You may have to set zero for each tool, or maybe you can set a tool offset for each tool, depending on the controller.  This would be your G54 position, safe X and Z would be a G53 position for tool changes.


----------



## mmcmdl (Apr 17, 2019)

Nice looking lathe !  Jim , it's been awhile but I think I remember a G code and a U0 W0 to send to a home position . This was known as machine reference 0 . Is this still the norm ( at least on the Fanucs ) ?


----------



## rick-b (Apr 17, 2019)

Thanks Jim, I will give that a try. So does that mean I do not have to worry about not having a machine zero?

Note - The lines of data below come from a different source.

(* Let $k$ be an algebraically closed field of characteristic zero, let $A$ be a cosemisimple Hopf algebra over $k$ with Haar measure $h$ and antipode $S$, and let $V$ be a finite-dimensional irreducible (simple) $A$-comodule. Then: (1) If $V$ is not self-dual (i.e. $V$ is not isomorphic to its dual comodule $V^*$), then $\nu_2(V) = 0$. (2) Suppose $V$ is self-dual, let $\beta : V \otimes V \to k$ be a non-degenerate $A$-colinear bilinear form, and let $E$ be the matrix of $\beta$ in some basis of $V$. Then $$\nu_2(V) = \frac{\dim(V)}{\mathrm{tr}(E\,({}^t\!E)^{-1})}.$$ (3) Suppose $V$ is self-dual and $S^2 = \mathrm{id}$. Then $\nu_2(V) = \pm 1$; moreover $\nu_2(V) = 1$ corresponds to the existence of an $A$-colinear symmetric non-degenerate bilinear form on $V$, and $\nu_2(V) = -1$ corresponds to the existence of an $A$-colinear skew-symmetric non-degenerate bilinear form on $V$.
   Context: A Hopf algebra $A$ is cosemisimple if every $A$-comodule is a direct sum of simple comodules; such an $A$ has a unique Haar measure, i.e. a linear form $h : A \to k$ with $h(1)=1$ and $(\mathrm{id}\otimes h)\Delta = h(\cdot)1 = (h \otimes \mathrm{id})\Delta$. For a finite-dimensional right $A$-comodule $V$ with basis $e_1,\dots,e_n$ and coaction $e_j \mapsto \sum_i e_i \otimes a_{ij}$, the elements $a_{ij}\in A$ are the matrix coefficients; the character of $V$ is $\chi_V = \sum_i a_{ii}$ (the image of $\mathrm{id}_V$ under the coalgebra map $V^*\otimes V \to A$). The Schur indicator of $V$ is $\nu_2(V) := h(\chi_{V(1)}\chi_{V(2)})$, where $\Delta(\chi_V) = \chi_{V(1)}\otimes\chi_{V(2)}$ in Sweedler notation; equivalently $\nu_2(V) = \sum_{i,j} h(a_{ji}a_{ij})$. A bilinear form $\beta: V\otimes V \to k$ is $A$-colinear if it is a morphism of $A$-comodules, where $V\otimes V$ carries the tensor product coaction and $k$ the trivial coaction $1\mapsto 1\otimes 1$. *)

(* Hopf algebras over a field, encoded honestly:
   - A is a k-algebra (algType k);
   - an element of A (x) A is represented by a finite formal sum
     [seq (x_i, y_i)] meaning  sum_i x_i (x) y_i ; two such formal sums denote
     the same tensor iff all pairings with (f (x) g), f g linear forms on A,
     agree (linear forms f (x) g separate the points of A (x) A over a field).
   - the comultiplication is a map Delta : A -> seq (A * A). *)
From HB Require Import structures.
From mathcomp Require Import all_boot all_order all_algebra.
Set Implicit Arguments. Unset Strict Implicit. Unset Printing Implicit Defensive.
Import GRing.Theory.
Local Open Scope ring_scope.

Section HopfDefs.
Variable k : fieldType.
Variable A : algType k.

Definition lin_form (f : A -> k) : Prop :=
  forall (c : k) (x y : A), f (c *: x + y) = c * f x + f y.

Definition lin_endo (S : A -> A) : Prop :=
  forall (c : k) (x y : A), S (c *: x + y) = c *: S x + S y.

Definition pair2 (f g : A -> k) (t : seq (A * A)) : k :=
  \sum_(p <- t) f p.1 * g p.2.

Definition is_hopf (D : A -> seq (A * A)) (eps : A -> k) (S : A -> A) : Prop :=
  [/\
    forall f g, lin_form f -> lin_form g -> forall c x y,
      pair2 f g (D (c *: x + y)) = c * pair2 f g (D x) + pair2 f g (D y),
  (* coassociativity: (Delta (x) id) Delta = (id (x) Delta) Delta *)
    forall f g l, lin_form f -> lin_form g -> lin_form l -> forall x,
      \sum_(p <- D x) pair2 f g (D p.1) * l p.2
      = \sum_(p <- D x) f p.1 * pair2 g l (D p.2),
    forall f g, lin_form f -> lin_form g ->
      (forall x y, pair2 f g (D (x * y)) =
         \sum_(p <- D x) \sum_(q <- D y) f (p.1 * q.1) * g (p.2 * q.2))
      /\ pair2 f g (D 1) = f 1 * g 1,
    [/\ lin_form eps, eps 1 = 1, (forall x y, eps (x * y) = eps x * eps y) &
        forall x, \sum_(p <- D x) eps p.1 *: p.2 = x
               /\ \sum_(p <- D x) eps p.2 *: p.1 = x] &
    lin_endo S /\
    forall x, \sum_(p <- D x) S p.1 * p.2 = (eps x)%:A
           /\ \sum_(p <- D x) p.1 * S p.2 = (eps x)%:A].

(* matrix coefficients of a right comodule structure on k^n with basis
   e_1..e_n and coaction e_j |-> sum_i e_i (x) a_ij :
   Delta(a_ij) = sum_l a_il (x) a_lj  and eps(a_ij) = delta_ij *)
Definition comatrix (D : A -> seq (A * A)) (eps : A -> k) n (a : 'M[A]_n) : Prop :=
  (forall f g, lin_form f -> lin_form g -> forall i j,
     pair2 f g (D (a i j)) = \sum_l f (a i l) * g (a l j))
  /\ (forall i j, eps (a i j) = (i == j)%:R).

(* the subspace of k^n spanned by the rows of U (row coordinate vectors)
   is a subcomodule: rho(U) is contained in U (x) A, i.e. U is stable under
   (id (x) f) rho for every linear form f *)
Definition subcomod n (a : 'M[A]_n) (U : 'M[k]_n) : Prop :=
  forall f : A -> k, lin_form f -> stablemx U (map_mx f a)^T.

Definition simple_comod n (a : 'M[A]_n) : Prop :=
  (0 < n)%N /\
  forall U : 'M[k]_n, subcomod a U -> (U == (0 : 'M[k]_n))%MS || (U == 1%:M)%MS.

Definition cosemisimple (D : A -> seq (A * A)) (eps : A -> k) : Prop :=
  forall n (a : 'M[A]_n), comatrix D eps a ->
  forall U : 'M[k]_n, subcomod a U ->
  exists W : 'M[k]_n, subcomod a W /\ (U + W == 1%:M)%MS /\ (U :&: W == (0 : 'M[k]_n))%MS.

Definition haar (D : A -> seq (A * A)) (h : A -> k) : Prop :=
  [/\ lin_form h, h 1 = 1 &
      forall x, \sum_(p <- D x) h p.2 *: p.1 = (h x)%:A
             /\ \sum_(p <- D x) h p.1 *: p.2 = (h x)%:A].

Definition scal_mx n m (E : 'M[k]_(n, m)) : 'M[A]_(n, m) := map_mx (fun c => c%:A) E.

(* dual comodule V^*: matrix coefficients S(a_ji) in the dual basis *)
Definition dual_comatrix (S : A -> A) n (a : 'M[A]_n) : 'M[A]_n :=
  \matrix_(i, j) S (a j i).

Definition comod_iso n (a b : 'M[A]_n) : Prop :=
  exists F : 'M[k]_n, F \in unitmx /\ b *m scal_mx F = scal_mx F *m a.

Definition self_dual (S : A -> A) n (a : 'M[A]_n) : Prop :=
  comod_iso a (dual_comatrix S a).

(* the bilinear form with matrix E (beta(e_i,e_j) = E_ij) is A-colinear:
   sum_{k,l} E_kl a_ki a_lj = E_ij 1 *)
Definition colinear_form n (a : 'M[A]_n) (E : 'M[k]_n) : Prop :=
  a^T *m scal_mx E *m a = scal_mx E.

Definition nu2 (h : A -> k) n (a : 'M[A]_n) : k :=
  \sum_(i < n) \sum_(j < n) h (a j i * a i j).

End HopfDefs.

(* The Haar measure turns matrix coefficients into comodule maps: the matrices
   W_ij = (h (a_ri a_sj))_rs satisfy a W_ij a^T = W_ij, so W_ij^T intertwines V with
   its dual V^*, and Schur's lemma forces W_ij = 0 unless V is self-dual.  If E is the
   matrix of a nondegenerate colinear form, then W_ij E commutes with the coaction,
   hence W_ij = c_ij E^-1, and applying h to a^T E a = E gives
   c_ij = E_ij / tr (E (E^T)^-1); summing W_ij j i yields
   nu_2(V) = dim V / tr (E (E^T)^-1).  When S^2 = id, both E and E^T give
   isomorphisms V ~ V^*, so E^T = c E with c = +-1, and then nu_2(V) = c.
   Elements of A (x) A are only known through their pairings with f (x) g; since
   linear forms separate the points of A (by Zorn's lemma), these pairings determine
   the value of every bilinear map on a formal tensor, which is what lets the Hopf
   axioms be applied to expressions such as S(x_1) x_2 or h(x_2) x_1. *)

From HB Require Import structures.
From mathcomp Require Import all_boot all_order all_algebra.
From mathcomp Require Import boolp classical_sets.
Import GRing.Theory.
Local Open Scope ring_scope.
Set Implicit Arguments. Unset Strict Implicit. Unset Printing Implicit Defensive.

Local Notation bilin B := (bilinear_for *:%R *:%R B).

Section LinearMaps.
Variables (k : fieldType) (U W : lmodType k) (F : U -> W).
Hypothesis linF : linear F.

Let FL : {linear U -> W} := HB.pack F (GRing.isLinear.Build _ _ _ _ F linF).

Lemma lin0 : F 0 = 0. Proof. exact: (raddf0 FL). Qed.
Lemma linD x y : F (x + y) = F x + F y. Proof. exact: (raddfD FL). Qed.
Lemma linB x y : F (x - y) = F x - F y. Proof. exact: (raddfB FL). Qed.
Lemma linN x : F (- x) = - F x. Proof. exact: (raddfN FL). Qed.
Lemma linZ c x : F (c *: x) = c *: F x. Proof. by rewrite -[c *: x]addr0 linF lin0 addr0. Qed.
Lemma lin_sum I (r : seq I) (G : I -> U) :
  F (\sum_(i <- r) G i) = \sum_(i <- r) F (G i).
Proof. exact: (raddf_sum FL). Qed.

End LinearMaps.

Section SeparatingForm.
Local Open Scope classical_set_scope.
Variables (k : fieldType) (V : lmodType k).

Definition subspace_set (U : set V) := forall c u v, U u -> U v -> U (c *: u + v).

Lemma hyperplane_compl_line (x : V) : x != 0 ->
  exists M, [/\ subspace_set M, ~ M x & forall y, exists c, M (y - c *: x)].
Proof.
move=> x0.
have [M [[subM Mx] maxM]] : exists M, (subspace_set M /\ ~ M x) /\
    forall N, M `<` N -> ~ (subspace_set N /\ ~ N x).
  apply: Zorn_bigcup => F FP Ftot; split.
  - move=> c u v [U FU Uu] [U' FU' U'v].
    have [UU'|U'U] := Ftot U U' FU FU'.
    + by exists U' => //; apply: (FP U' FU').1 (UU' u Uu) U'v.
    + by exists U => //; apply: (FP U FU).1 Uu (U'U v U'v).
  - by move=> [U FU Ux]; apply: (FP U FU).2.
have M0 : M 0.
  have [[u Mu]|M_empty] := pselect (exists u, M u).
    by have := subM (-1) u u Mu Mu; rewrite scaleN1r addNr.
  have sub0 : subspace_set [set 0] by move=> c u v -> ->; rewrite scaler0 addr0.
  apply: contrapT => nM0; apply: (maxM [set 0]); last first.
    by split=> // x_eq0; rewrite x_eq0 eqxx in x0.
  by split=> [u Mu|/(_ 0 erefl)//]; case: M_empty; exists u.
exists M; split=> // y.
have [[c [u [Mu xE]]]|Nx] := pselect (exists c u, M u /\ x = u + c *: y).
  have c0 : c != 0 by apply: contra_notN Mx => /eqP c0; rewrite xE c0 scale0r addr0.
  exists c^-1; suff -> : y - c^-1 *: x = - c^-1 *: u + 0 by exact: subM.
  by rewrite addr0 xE scalerDr scalerA mulVf // scale1r opprD addrCA subrr addr0 scaleNr.
pose N y' := exists c u, M u /\ y' = u + c *: y.
have subN : subspace_set N.
  move=> c' _ _ [d [u [Mu ->]]] [d' [v [Mv ->]]]; exists (c' * d + d'), (c' *: u + v).
  by split; [exact: subM|rewrite scalerDr scalerA addrACA scalerDl].
have MN : M `<=` N by move=> u Mu; exists 0, u; rewrite scale0r addr0.
have NM : N `<=` M.
  apply: contrapT => nNM; apply: (maxM N); first by split.
  by split=> // -[c [u [Mu xE]]]; apply: Nx; exists c, u.
by exists 0; rewrite scale0r subr0; apply: NM; exists 1, 0; rewrite scale1r add0r.
Qed.

Lemma separating_form (x : V) : x != 0 -> exists f : V -> k, scalar f /\ f x = 1.
Proof.
move=> /hyperplane_compl_line [M [subM Mx coordM]].
have [f Mf] := choice coordM.
have M0 : M 0.
  by have [c Mc] := coordM 0; have := subM (-1) _ _ Mc Mc; rewrite scaleN1r addNr.
have coord_uniq y c : M (y - c *: x) -> f y = c.
  move=> My; apply: contrapT => fy_c; apply: Mx.
  have Md : M ((f y - c) *: x).
    suff <- : -1 *: (y - f y *: x) + (y - c *: x) = (f y - c) *: x by exact: subM.
    by rewrite scaleN1r opprB addrA subrK scalerBl.
  suff <- : (f y - c)^-1 *: ((f y - c) *: x) + 0 = x by exact: subM.
  by rewrite addr0 scalerA mulVf ?scale1r // subr_eq0; apply/eqP.
exists f; split=> [a u v|]; last by apply: coord_uniq; rewrite scale1r subrr.
apply: coord_uniq.
suff -> : a *: u + v - (a * f u + f v) *: x = a *: (u - f u *: x) + (v - f v *: x).
  exact: subM.
by rewrite scalerDl -scalerA scalerBr opprD addrACA.
Qed.

Lemma forms_vanish_eq0 (x : V) : (forall f : V -> k, scalar f -> f x = 0) -> x = 0.
Proof.
move=> fx0; apply/eqP; apply: contraT => /separating_form [f [lf fx1]].
by move: (fx0 f lf); rewrite fx1 => /eqP; rewrite oner_eq0.
Qed.

End SeparatingForm.

Section FormalTensors.
Variables (k : fieldType) (A : algType k).

Lemma lin_form0 (f : A -> k) : lin_form f -> f 0 = 0.
Proof. by move=> lf; exact: (lin0 (lf : linear (f : A -> k^o))). Qed.
Lemma lin_formD (f : A -> k) x y : lin_form f -> f (x + y) = f x + f y.
Proof. by move=> lf; exact: (linD (lf : linear (f : A -> k^o))). Qed.
Lemma lin_formZ (f : A -> k) c x : lin_form f -> f (c *: x) = c * f x.
Proof. by move=> lf; exact: (linZ (lf : linear (f : A -> k^o))). Qed.
Lemma lin_form_sum (f : A -> k) I (r : seq I) (G : I -> A) : lin_form f ->
  f (\sum_(i <- r) G i) = \sum_(i <- r) f (G i).
Proof. by move=> lf; exact: (lin_sum (lf : linear (f : A -> k^o))). Qed.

mmcmdl, Thank it is a nice machine I got it cheap to cheap to not buy it. The machine doesn't look to have U0 W0 I tried it and all I got was an error. Gcode wise this is what I* have.

G functions of WA-31DT series numerical control system are as follows:

Modality G00 Fast locating.
Modality G01 Line interpolation.
Modality G02 Clockwise circular interpolation or spiral interpolation
Modality G03 Anti clockwise circular interpolation or spiral interpolation.
G04 Time delay
G09 Servo angle-specified stop and positioning
G20 Independent sub-program call
G22 Independent of program definition
G24 Independent of program definition completion, and returning to call
program
G25 Skip processing
G26 Block calls processing (sub-program call in the program)
G27 Endless loop
Modality G30 Multiply factor cancels
Modality G31 Multiply factor definition
G47 Initiating short line smooth transition function
G48 Cancel short line smooth transition function
G53 Cancel zero bias
G54 Absolute value zero bias
G55 Relative value zero bias
G56 Current point zero bias
G71 Internal (external) diameter cutting compound cycle
G72 End surface cutting compound cycle
G73 High speed deep hole processing cycle.
G74 Return to reference point (mechanical origin).
G75 Return to the presetting cutter point.
G76 Return to the program zero from the current position.
G78 Fine boring cycle.
G81 Center hole drilling cycle
G82 Center hole drilling cycle with pause
G85 English system rigidity threading cycle
G86 Boring cycle (auto-return)
G87 Counter boring cycle.
Modality G90 Absolute value mode programming.
Modality G91 Increased value mode programming
G92 Setting up program zero
G96 Constant linear speed cutting
G97 Cancel constant linear speed cutting
G98 Cancel feed of each rotation
G99 Setting feed of each rotation


----------



## mmcmdl (Apr 18, 2019)

Little different from the Fanucs I ran . The home code was G98 U0 W0 . This took you to a safe tool change spot . Mechanical zero . Yours looks to be G74 to mechanical zero . Where's your cutter comp ? Don't see it ???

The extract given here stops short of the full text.